Green apples and little grey cells

07.20.2018
Illustration du détective Hercula Poirot (© Illustrated London News Ltd/Mar)

Illustration du détective Hercula Poirot (© Illustrated London News Ltd/Mar)

Stealing golden apples from the garden of the Hesperides was the eleventh of the twelve labours of Hercules. Putting them back would be the eleventh of twelves tasks for another Hercules who is more distinguished than this “beefcake with a low forehead animated by criminal tendencies” antique: Hercule Poirot!

The famous golden apples from the mythological story symbolically designated oranges or quinces, or perhaps even the homophony of sheep. What a concept, but these were emeralds! Set around a goblet of priceless value and probably the work of the great Benvenuto Cellini, a major artist from the Italian Renaissance. “The goblet represents a tree around which a bejewelled serpent is coiled. And the branches are laden with apples represented by a profusion of emeralds” : this is of course one of the cases set for Agatha Christie’s brilliant detective to solve.

In the Twelve Labours of Hercules, a short story collection of twelve stories identical to those of the mythological tale, Hercule Poirot hopes to round off his career by solving twelve cases chosen for their links – far-fetched for a person dressed up to the nines – to the adventures of the hero from antiquity. Everything came about following the derogatory reflection by Poirot’s friend Professor Burton, a prominent figure at All Souls College in Oxford, as famously unkempt as the famed detective was immaculately dapper.

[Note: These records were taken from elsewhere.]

(* Let $B$ be a C*-algebra and let $A$ be a closed *-subalgebra of $B$ satisfying the ideal intersection property and axiom (inv) relative to $B$. Let $\mathscr{R}(B)$ be the family of all regular ideals of $B$, and $\mathscr{R}_{\mathrm{inv}}(A)$ the family of all regular, $B$-invariant ideals of $A$. Then the map $$\alpha: J\in\mathscr{R}(B)\mapsto J\cap A\in\mathscr{R}_{\mathrm{inv}}(A)$$ is well defined and is a boolean algebra isomorphism (an inclusion-preserving bijection with inclusion-preserving inverse), and its inverse is given by $$\beta: I\in\mathscr{R}_{\mathrm{inv}}(A)\mapsto \mathrm{Ann}_B(\mathrm{Ann}_B(I))\in\mathscr{R}(B).$$
   Context: Ideals are closed two-sided ideals. For a C*-algebra $C$ and $S\subseteq C$, $[S]$ is the closed linear span, and $S$ is $C$-invariant if $[SC]=[CS]$. For $C$-invariant $S$, $\{x\in C: xs=0\ \forall s\in S\}=\{x\in C: sx=0\ \forall s\in S\}$, denoted $\mathrm{Ann}_C(S)$ (every ideal of $C$ is $C$-invariant). An ideal $J$ of $C$ is regular if $\mathrm{Ann}_C(\mathrm{Ann}_C(J))=J$. Regular ideals of $C$ form a boolean algebra with order given by inclusion, meet $J_1\cap J_2$, join $\mathrm{Ann}_C(\mathrm{Ann}_C(J_1+J_2))$ and negation $\mathrm{Ann}_C(J)$. $A$ satisfies the ideal intersection property relative to $B$ if $J\cap A\neq\{0\}$ for every nonzero ideal $J$ of $B$; $A$ satisfies axiom (inv) relative to $B$ if $J\cap A$ is $B$-invariant for every ideal $J$ of $B$. *)

From HB Require Import structures.
From mathcomp Require Import all_boot all_order all_algebra.
From mathcomp Require Import all_classical all_reals all_analysis.
From mathcomp Require Import complex.
Set Implicit Arguments.
Unset Strict Implicit.
Unset Printing Implicit Defensive.
Import Order.TTheory GRing.Theory Num.Theory.
Local Open Scope classical_set_scope.
Local Open Scope ring_scope.
Local Open Scope complex_scope.

Record is_cstar_algebra (R : realType) (U : completeNormedModType R[i])
    (mul : U -> U -> U) (star : U -> U) : Prop := IsCStarAlgebra {
  mulA : forall x y z, mul x (mul y z) = mul (mul x y) z;
  mulDl : forall x y z, mul (x + y) z = mul x z + mul y z;
  mulDr : forall x y z, mul x (y + z) = mul x y + mul x z;
  mulZl : forall (a : R[i]) x y, mul (a *: x) y = a *: mul x y;
  mulZr : forall (a : R[i]) x y, mul x (a *: y) = a *: mul x y;
  starK : forall x, star (star x) = x;
  starD : forall x y, star (x + y) = star x + star y;
  starZ : forall (a : R[i]) x, star (a *: x) = a^* *: star x;
  starM : forall x y, star (mul x y) = mul (star y) (star x);
  normM : forall x y, `|mul x y| <= `|x| * `|y|;
  norm_cstar : forall x, `|mul (star x) x| = `|x| ^+ 2
}.

Section Defs.
Context {R : realType} {U : completeNormedModType R[i]}.
Variables (mul : U -> U -> U) (star : U -> U).

Definition closed_star_subalg (A : set U) : Prop :=
  [/\ A 0,
      (forall x y, A x -> A y -> A (x + y)),
      (forall (a : R[i]) x, A x -> A (a *: x)),
      (forall x y, A x -> A y -> A (mul x y)) /\
      (forall x, A x -> A (star x)) &
      closed A].

Definition lin_span (S : set U) : set U :=
  [set x | exists n (c : 'I_n -> R[i]) (s : 'I_n -> U),
             (forall i, S (s i)) /\ x = \sum_(i < n) c i *: s i].
Definition clspan (S : set U) : set U := closure (lin_span S).

Definition prodset (S T : set U) : set U :=
  [set x | exists s t, [/\ S s, T t & x = mul s t]].

Definition is_invariant (C S : set U) : Prop :=
  clspan (prodset S C) = clspan (prodset C S).

Definition closed_ideal (C J : set U) : Prop :=
  [/\ J `<=` C, J 0,
      (forall x y, J x -> J y -> J (x + y)),
      (forall (a : R[i]) x, J x -> J (a *: x)) /\
      (forall c x, C c -> J x -> J (mul c x) /\ J (mul x c)) &
      closed J].

Definition Ann (C S : set U) : set U :=
  [set x | C x /\ forall s, S s -> mul x s = 0].

Definition regular_ideal (C J : set U) : Prop :=
  closed_ideal C J /\ Ann C (Ann C J) = J.

Definition ideal_intersection_property (A B : set U) : Prop :=
  forall J, closed_ideal B J -> J <> [set 0] -> J `&` A <> [set 0].

Definition axiom_inv (A B : set U) : Prop :=
  forall J, closed_ideal B J -> is_invariant B (J `&` A).

End Defs.

(** A C*-algebra has no nonzero [a] with [a (a^* a) = 0]: then
    [(a^* a) (a^* a) = 0], and the C*-identity kills first [a^* a], then [a].
    Consequently the left annihilator of an ideal [K] of [B] is also a right
    annihilator, so [K <= Ann_B (Ann_B K)] and [Ann_B^3 = Ann_B] on ideals.
    The heart of the matter is [Ann_B (J `&` A) = Ann_B J] for an ideal [J]
    of [B]: by (inv) the left side is an ideal of [B], and its intersection
    with [J] meets [A] only in [0], since an [a] there kills [a^* a], which
    lies in [J `&` A]; by the ideal intersection property that intersection
    is [0].  Together with [Ann_A S = Ann_B S `&` A] this makes
    [J |-> J `&` A] and [I |-> Ann_B (Ann_B I)] mutually inverse. *)

From Pilot Require Import Defs.
From HB Require Import structures.
From mathcomp Require Import all_boot all_order all_algebra.
From mathcomp Require Import all_classical all_reals all_analysis.
From mathcomp Require Import complex.
Import Order.TTheory GRing.Theory Num.Theory.
Set Implicit Arguments.
Unset Strict Implicit.
Local Open Scope classical_set_scope.
Local Open Scope ring_scope.

Lemma lipschitz_continuous (K : numFieldType) (V W : normedModType K)
    (f : V -> W) (k : K) : 0 <= k ->
  (forall z w, `|f z - f w| <= k * `|z - w|) -> continuous f.
Proof.
move=> k_ge0 f_lip z; apply/cvgrPdist_lt => e e_gt0.
have k1_gt0 : 0 < k + 1 by rewrite ltr_wpDl.
have d_gt0 : 0 < e / (k + 1) by rewrite divr_gt0.
apply: filterS (nbhsx_ballx z _ d_gt0) => w; rewrite -ball_normE /= => zw.
apply: le_lt_trans (f_lip z w) _.
apply: (@le_lt_trans _ _ ((k + 1) * `|z - w|)).
  by rewrite ler_wpM2r // lerDl.
by rewrite mulrC -ltr_pdivlMr.
Qed.

Lemma closed_lipschitz_zeros (K : numFieldType) (V W : normedModType K)
    (f : V -> W) (k : K) : 0 <= k ->
  (forall z w, `|f z - f w| <= k * `|z - w|) -> closed [set z | f z = 0].
Proof.
move=> k_ge0 /(lipschitz_continuous k_ge0) f_cont.
have closed0 : closed [set (0 : W)].
  exact/accessible_closed_set1/hausdorff_accessible/norm_hausdorff.
exact: (preimage_closed (fun z _ => f_cont z) closed0).
Qed.

Section Ideals.
Variables (R : realType) (U : completeNormedModType R[i]) (mul : U -> U -> U).

Lemma AnnE (C S : set U) : Ann mul C S = Ann mul setT S `&` C.
Proof. by apply/seteqP; split=> x /= [] //= [] _. Qed.

Lemma AnnS (C S T : set U) : S `<=` T -> Ann mul C T `<=` Ann mul C S.
Proof. by move=> ST x [Cx xT]; split=> // s /ST; exact: xT. Qed.

Lemma closed_idealI (C J1 J2 : set U) :
  closed_ideal mul C J1 -> closed_ideal mul C J2 ->
  closed_ideal mul C (J1 `&` J2).
Proof.
move=> [CJ1 J1_0 J1_add [J1_scale J1_mul] J1_closed].
move=> [_ J2_0 J2_add [J2_scale J2_mul] J2_closed]; split.
- by move=> x [/CJ1].
- by [].
- by move=> x y [J1x J2x] [J1y J2y]; split; [exact: J1_add | exact: J2_add].
- split=> [a x [J1x J2x]|c x Cc [J1x J2x]]; first by split; auto.
  by have [? ?] := J1_mul c x Cc J1x; have [? ?] := J2_mul c x Cc J2x.
- exact: closedI.
Qed.

Lemma closed_ideal_setI_subalg (star : U -> U) (C J A : set U) :
  closed_ideal mul C J -> closed_star_subalg mul star A -> A `<=` C ->
  closed_ideal mul A (J `&` A).
Proof.
move=> [_ J0 J_add [J_scale J_mul] J_closed].
move=> [A0 A_add A_scale [A_mul _] A_closed] AC; split.
- by move=> x [].
- by [].
- by move=> x y [Jx Ax] [Jy Ay]; split; [exact: J_add | exact: A_add].
- split=> [a x [Jx Ax]|c x Ac [Jx Ax]]; first by split; auto.
  by have [? ?] := J_mul c x (AC c Ac) Jx; split; split=> //; exact: A_mul.
- exact: closedI.
Qed.

End Ideals.

Section CStarAlgebra.
Variables (R : realType) (U : completeNormedModType R[i]).
Variables (mul : U -> U -> U) (star : U -> U).
Hypothesis cstar : is_cstar_algebra mul star.

Local Notation AnnB := (Ann mul setT).
Local Notation idealB := (closed_ideal mul setT).

Let mulA := Defs.mulA cstar.
Let mulDl := Defs.mulDl cstar.
Let mulDr := Defs.mulDr cstar.
Let mulZl := Defs.mulZl cstar.
Let mulZr := Defs.mulZr cstar.
Let starK := Defs.starK cstar.
Let starM := Defs.starM cstar.
Let normM := Defs.normM cstar.

Lemma mul0x y : mul 0 y = 0.
Proof. by rewrite -(scale0r (0 : U)) mulZl !scale0r. Qed.

Lemma mulx0 x : mul x 0 = 0.
Proof. by rewrite -(scale0r (0 : U)) mulZr !scale0r. Qed.

Lemma mulBr x y z : mul x (y - z) = mul x y - mul x z.
Proof. by rewrite mulDr -scaleN1r mulZr scaleN1r. Qed.

Lemma mulBl x y z : mul (y - z) x = mul y x - mul z x.
Proof. by rewrite mulDl -scaleN1r mulZl scaleN1r. Qed.

Lemma cstar_eq0 x : mul (star x) x = 0 -> x = 0.
Proof.
move=> xx0; have /eqP := Defs.norm_cstar cstar x.
by rewrite xx0 normr0 eq_sym expf_eq0 /= normr_eq0 => /eqP.
Qed.

Lemma mul_adjoint_cube_eq0 a : mul a (mul (star a) a) = 0 -> a = 0.
Proof.
move=> aaa0; apply: cstar_eq0; set h := mul (star a) a.
have h_sa : star h = h by rewrite /h starM starK.
by apply: cstar_eq0; rewrite h_sa {1}/h -mulA aaa0 mulx0.
Qed.

Lemma mul_clspan_eq0 (P : set U) x z :
  (forall p, P p -> mul x p = 0) -> clspan P z -> mul x z = 0.
Proof.
move=> xP Pz.
have mulx_lip w w' : `|mul x w - mul x w'| <= `|x| * `|w - w'|.
  by rewrite -mulBr normM.
apply: (closed_lipschitz_zeros (normr_ge0 x) mulx_lip); apply: closureS Pz.
move=> _ [n [c [s [Ps ->]]]] /=.
apply: (big_ind (fun w => mul x w = 0)); first exact: mulx0.
  by move=> w w' xw0 xw'0; rewrite mulDr xw0 xw'0 addr0.
by move=> i _; rewrite mulZr xP // scaler0.
Qed.

Lemma Ann_closed (S : set U) : closed (AnnB S).
Proof.
move=> x x_cl; split=> // s Ss.
have muls_lip w w' : `|mul w s - mul w' s| <= `|s| * `|w - w'|.
  by rewrite -mulBl mulrC normM.
apply: (closed_lipschitz_zeros (normr_ge0 s) muls_lip); apply: closureS x_cl.
by move=> w [_ wS]; exact: wS.
Qed.

Lemma Ann_closed_ideal (S : set U) :
  (forall x c s, AnnB S x -> S s -> mul x (mul c s) = 0) -> idealB (AnnB S).
Proof.
move=> Ann_kills_BS; split=> //.
- by split=> // s _; rewrite mul0x.
- by move=> x y [_ xS] [_ yS]; split=> // s Ss; rewrite mulDl xS // yS // addr0.
- split=> [a x [_ xS]|c x _ x_ann].
    by split=> // s Ss; rewrite mulZl xS // scaler0.
  split; split=> // s Ss; rewrite -mulA; last exact: Ann_kills_BS.
  by rewrite x_ann.2 // mulx0.
- exact: Ann_closed.
Qed.

Lemma Ann_ideal (J : set U) : idealB J -> idealB (AnnB J).
Proof.
move=> [_ _ _ [_ J_mul] _]; apply: Ann_closed_ideal => x c s [_ xJ] Js.
exact/xJ/(J_mul c s I Js).1.
Qed.

Lemma Ann_invariant (S : set U) : is_invariant mul setT S -> idealB (AnnB S).
Proof.
move=> S_inv; apply: Ann_closed_ideal => x c s [_ xS] Ss.
have : clspan (prodset mul setT S) (mul c s).
  apply: subset_closure; exists 1%N, (fun _ => 1), (fun _ => mul c s).
  by split; [exists c, s | rewrite big_ord1 scale1r].
rewrite -S_inv; apply: mul_clspan_eq0.
by move=> _ [s' [b [Ss' _ ->]]]; rewrite mulA xS // mul0x.
Qed.

Lemma mul_ideal_Ann_eq0 (K : set U) x y :
  idealB K -> K x -> AnnB K y -> mul x y = 0.
Proof.
move=> [_ _ _ [_ K_mul] _] Kx [_ yK].
(* [(x y) ((x y)^* (x y)) = x ((y w) y)] with [w := y^* (x^* x)] in [K]. *)
set w := mul (star y) (mul (star x) x).
have yw0 : mul y w = 0 by apply/yK/(K_mul _ _ I (K_mul _ x I Kx).1).1.
apply: mul_adjoint_cube_eq0.
rewrite starM -!mulA (mulA (star x)) (mulA (star y)) -/w (mulA y) yw0.
by rewrite mul0x mulx0.
Qed.

Lemma ideal_sub_AnnK (K : set U) : idealB K -> K `<=` AnnB (AnnB K).
Proof. by move=> K_ideal x Kx; split=> // y; exact: mul_ideal_Ann_eq0. Qed.

Lemma Ann3_ideal (K : set U) : idealB K -> AnnB (AnnB (AnnB K)) = AnnB K.
Proof.
move=> K_ideal; apply/seteqP; split.
  exact/AnnS/ideal_sub_AnnK.
exact/ideal_sub_AnnK/Ann_ideal.
Qed.

Lemma regular_ideal_AnnK (I : set U) :
  is_invariant mul setT I -> regular_ideal mul setT (AnnB (AnnB I)).
Proof.
move=> /Ann_invariant AnnI_ideal.
by split; [exact: Ann_ideal | exact: Ann3_ideal].
Qed.

Section Subalgebra.
Variable A : set U.
Hypotheses (A_subalg : closed_star_subalg mul star A)
  (A_iip : ideal_intersection_property mul A setT)
  (A_inv : axiom_inv mul A setT).

Lemma Ann_setI_subalg (J : set U) : idealB J -> AnnB (J `&` A) = AnnB J.
Proof.
move=> J_ideal; apply/seteqP; split; last by apply: AnnS => x [].
have K_ideal : idealB (AnnB (J `&` A)) := Ann_invariant (A_inv J_ideal).
have [_ K0 _ [_ K_mul] _] := K_ideal.
have [_ J0 _ [_ J_mul] _] := J_ideal.
have [A0 _ _ [A_mul A_star] _] := A_subalg.
have KJ_eq0 : AnnB (J `&` A) `&` J = [set 0].
  apply: contrapT => KJ_neq0.
  apply: (A_iip (closed_idealI K_ideal J_ideal) KJ_neq0).
  apply/seteqP; split=> [a [[[_ a_JA] Ja] Aa] | _ ->] //=.
  apply: mul_adjoint_cube_eq0; apply: a_JA; split.
    exact: (J_mul (star a) a I Ja).1.
  exact: A_mul (A_star a Aa) Aa.
move=> y Ky; split=> // s Js.
have : (AnnB (J `&` A) `&` J) (mul y s).
  by split; [exact: (K_mul s y I Ky).2 | exact: (J_mul y s I Js).1].
by rewrite KJ_eq0.
Qed.

Lemma AnnA_setI_subalg (J : set U) :
  idealB J -> Ann mul A (J `&` A) = AnnB J `&` A.
Proof. by move=> J_ideal; rewrite AnnE Ann_setI_subalg. Qed.

Lemma regular_ideal_setI_subalg (J : set U) :
  regular_ideal mul setT J -> regular_ideal mul A (J `&` A).
Proof.
move=> [J_ideal J_reg]; split.
  exact: closed_ideal_setI_subalg J_ideal A_subalg _.
by rewrite !AnnA_setI_subalg ?J_reg //; exact: Ann_ideal.
Qed.

Lemma AnnK_setI_subalg (J : set U) :
  regular_ideal mul setT J -> AnnB (AnnB (J `&` A)) = J.
Proof. by move=> [J_ideal J_reg]; rewrite Ann_setI_subalg. Qed.

Lemma setI_subalg_AnnK (I : set U) : regular_ideal mul A I ->
  is_invariant mul setT I -> AnnB (AnnB I) `&` A = I.
Proof.
move=> [_ I_reg] /Ann_invariant AnnI_ideal.
by rewrite -AnnA_setI_subalg // -AnnE.
Qed.

End Subalgebra.

End CStarAlgebra.

Theorem theorem3p5 (R : realType) (U : completeNormedModType R[i])
    (mul : U -> U -> U) (star : U -> U) (A : set U) :
  is_cstar_algebra mul star ->
  closed_star_subalg mul star A ->
  ideal_intersection_property mul A setT ->
  axiom_inv mul A setT ->
  (* alpha : J |-> J ∩ A is well defined R(B) -> R_inv(A) *)
  (forall J, regular_ideal mul setT J ->
     regular_ideal mul A (J `&` A) /\ is_invariant mul setT (J `&` A)) /\
  (* beta : I |-> Ann_B(Ann_B(I)) is well defined R_inv(A) -> R(B) *)
  (forall I, regular_ideal mul A I -> is_invariant mul setT I ->
     regular_ideal mul setT (Ann mul setT (Ann mul setT I))) /\
  (* beta o alpha = id on R(B) *)
  (forall J, regular_ideal mul setT J -> Ann mul setT (Ann mul setT (J `&` A)) = J) /\
  (* alpha o beta = id on R_inv(A) *)
  (forall I, regular_ideal mul A I -> is_invariant mul setT I ->
     Ann mul setT (Ann mul setT I) `&` A = I) /\
  (* alpha preserves inclusion *)
  (forall J1 J2, regular_ideal mul setT J1 -> regular_ideal mul setT J2 ->
     J1 `<=` J2 -> J1 `&` A `<=` J2 `&` A) /\
  (* beta = alpha^-1 preserves inclusion *)
  (forall I1 I2, regular_ideal mul A I1 -> is_invariant mul setT I1 ->
     regular_ideal mul A I2 -> is_invariant mul setT I2 ->
     I1 `<=` I2 -> Ann mul setT (Ann mul setT I1) `<=` Ann mul setT (Ann mul setT I2)).
Proof.
move=> cstar A_subalg A_iip A_inv.
split; [|split; [|split; [|split; [|split]]]].
- move=> J J_reg; split; last exact: A_inv J_reg.1.
  exact: (regular_ideal_setI_subalg cstar A_subalg A_iip A_inv J_reg).
- by move=> I _ I_inv; exact: (regular_ideal_AnnK cstar I_inv).
- exact: (AnnK_setI_subalg cstar A_subalg A_iip A_inv).
- exact: (setI_subalg_AnnK cstar A_subalg A_iip A_inv).
- by move=> J1 J2 _ _; exact: setSI.
- by move=> I1 I2 _ _ _ _ I12; apply/AnnS/AnnS.
Qed.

He criticises him for never having spent time studying the “great classics”. “I did very well without them” responds the vain yet amenable gentleman.

A little later Poirot flicks through the story of Hercules’ adventures. He is afraid of this coarse brute. As for the Gods of mythology, “they behaved like complete delinquents. Alcoholism, debauchery, incest, rape, robbery, murder and snatching inheritances – plenty there to keep a magistrate occupied on a full time basis! No decent family life here! No order! No systems in place! Except when it comes to their crimes and offences which revealed a total absence of discipline and reasoning!”

So he goes on to solve a case that he can link to the golden apples in the garden of the Hesperides. A priceless goblet has been stolen and its owner, a top financier, wants it back. There are many leads that take the detective across the planet. The detective suspects the maid in a jiffy. By a clever final reversal, he will thwart the instinct of returning the stolen goblet under a condition that is as unexpected as it is moral in tone…

Agatha Christie toys with the vanity of her hero: “As if confessing to royal stock, the little man modestly declared: “I am Hercule Poirot.” But his actions are nonetheless generous and just; he is a good man. And although rigorous to the extreme, he is nevertheless inconsistent, since at the end of these twelve cases he does not go off to grow marrows as he had originally planned for his retirement but continues to flex his clever grey cells in plenty more adventures.